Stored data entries
Lemma ord12_up12 (i j : 'I_12) : ord12 i j -> (j : nat) \in up12 i.
Proof.
pose r := [rel i j : 'I_12 | all (fun n => n \in up12 i) (up12 j)].
have up12_refl (k : nat) : (k < 12)%N -> k \in up12 k.
  move=> lt_k; have : k \in iota 0 12 by rewrite mem_iota.
  by move: k {lt_k}; apply/allP.
have up12_gen : all (fun p => all (fun n => n \in up12 p.1) (up12 p.2)) gen12_pairs.
  by [].
move=> ij; have r_ij : r i j.
  apply: (@connect_sub_preorder _ gen12 r _ _ _ i j ij) => [k | k l t /allP r_lk /allP r_kt | k l].
  - exact/allP.
  - by apply/allP => n /r_kt /r_lk.
  - by rewrite gen12E => /(allP up12_gen).
exact: (allP r_ij) (up12_refl _ (ltn_ord j)).
Qed.

Lemma ord12_notin_up12 (i j : 'I_12) : (j : nat) \notin up12 i -> ord12 i j = false.
Proof. by move/negP => j_notin; apply/negP => /ord12_up12. Qed.

Local Infix "⊓" := LMeet (at level 40, left associativity).
Local Infix "⊔" := LJoin (at level 50, left associativity).
Local Notation vx' := (LVar 0).
Local Notation vy' := (LVar 1).
Local Notation vy := (LVar 2).
Local Notation va := (LVar 3).
Local Notation vs := (LVar 4).
Local Notation vw := (LVar 5).
Local Notation vc := (LVar 6).
Local Notation vx := (vw ⊔ vx').
Local Notation vb := (va ⊔ vx').
Local Notation vz := (vy ⊔ vx').

(* Later entries use the already forced values of y and a. *)
Definition ladder_forcing : seq (nat * lterm) :=
  [:: (2, vy' ⊓ vz); (3, vy ⊓ vb); (5, va ⊓ vx); (4, (vs ⊔ va) ⊓ vy); (6, (vc ⊔ va) ⊓ vb)].

Section Ladder.
Variables (d : Order.disp_t) (L : latticeType d).
Variables (x' x b z z' w' w a s y y' c : L).
Hypothesis inN : in_N L.
Hypothesis no_doubly_reducible : forall e : L, ~ doubly_reducible e.
Hypothesis shape_le : forall i j : 'I_12,
  (pts12 x' x b z z' w' w a s y y' c i <= pts12 x' x b z z' w' w a s y y' c j) = ord12 i j.
Hypotheses (def_x : x = w `|` x') (def_b : b = a `|` x') (def_z : z = y `|` x').
Hypotheses (def_w : w = a `&` x) (def_a : a = y `&` b) (def_y : y = y' `&` z).

Local Notation pt i := (@Ordinal 12 i isT).
Local Notation le_pt i j := (shape_le (pt i) (pt j)).

Let a_le_s : a <= s. Proof. by rewrite (le_pt 7 8) ord12_gen. Qed.
Let s_le_y : s <= y. Proof. by rewrite (le_pt 8 9) ord12_gen. Qed.
Let a_le_c : a <= c. Proof. by rewrite (le_pt 7 11) ord12_gen. Qed.
Let c_le_b : c <= b. Proof. by rewrite (le_pt 11 2) ord12_gen. Qed.

Let y_nle_b : ~~ (y <= b). Proof. by rewrite (le_pt 9 2) ord12_notin_up12. Qed.
Let c_nle_y : ~~ (c <= y). Proof. by rewrite (le_pt 11 9) ord12_notin_up12. Qed.
Let x'_nle_y' : ~~ (x' <= y'). Proof. by rewrite (le_pt 0 10) ord12_notin_up12. Qed.
Let y'_nle_z : ~~ (y' <= z). Proof. by rewrite (le_pt 10 3) ord12_notin_up12. Qed.
Let w_nle_x' : ~~ (w <= x'). Proof. by rewrite (le_pt 6 0) ord12_notin_up12. Qed.
Let x'_nle_s : ~~ (x' <= s). Proof. by rewrite (le_pt 0 8) ord12_notin_up12. Qed.
Let x_nle_c : ~~ (x <= c). Proof. by rewrite (le_pt 1 11) ord12_notin_up12. Qed.
Let a_nle_x : ~~ (a <= x). Proof. by rewrite (le_pt 7 1) ord12_notin_up12. Qed.
Let s_nle_b : ~~ (s <= b). Proof. by rewrite (le_pt 8 2) ord12_notin_up12. Qed.

Let a_le_y : a <= y. Proof. by rewrite def_a leIl. Qed.
Let y_le_y' : y <= y'. Proof. by rewrite def_y leIl. Qed.
Let w_le_a : w <= a. Proof. by rewrite def_w leIl. Qed.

◆ Task requirements
Please retype, with no changes, the lines that run from the first line of the entries to the line with "- by rewrite gen12E => /(allP up12_gen).", both ends included.

◆ Solution to the problem
Lemma ord12_up12 (i j : 'I_12) : ord12 i j -> (j : nat) \in up12 i.
Proof.
pose r := [rel i j : 'I_12 | all (fun n => n \in up12 i) (up12 j)].
have up12_refl (k : nat) : (k < 12)%N -> k \in up12 k.
  move=> lt_k; have : k \in iota 0 12 by rewrite mem_iota.
  by move: k {lt_k}; apply/allP.
have up12_gen : all (fun p => all (fun n => n \in up12 p.1) (up12 p.2)) gen12_pairs.
  by [].
move=> ij; have r_ij : r i j.
  apply: (@connect_sub_preorder _ gen12 r _ _ _ i j ij) => [k | k l t /allP r_lk /allP r_kt | k l].
  - exact/allP.
  - by apply/allP => n /r_kt /r_lk.
  - by rewrite gen12E => /(allP up12_gen).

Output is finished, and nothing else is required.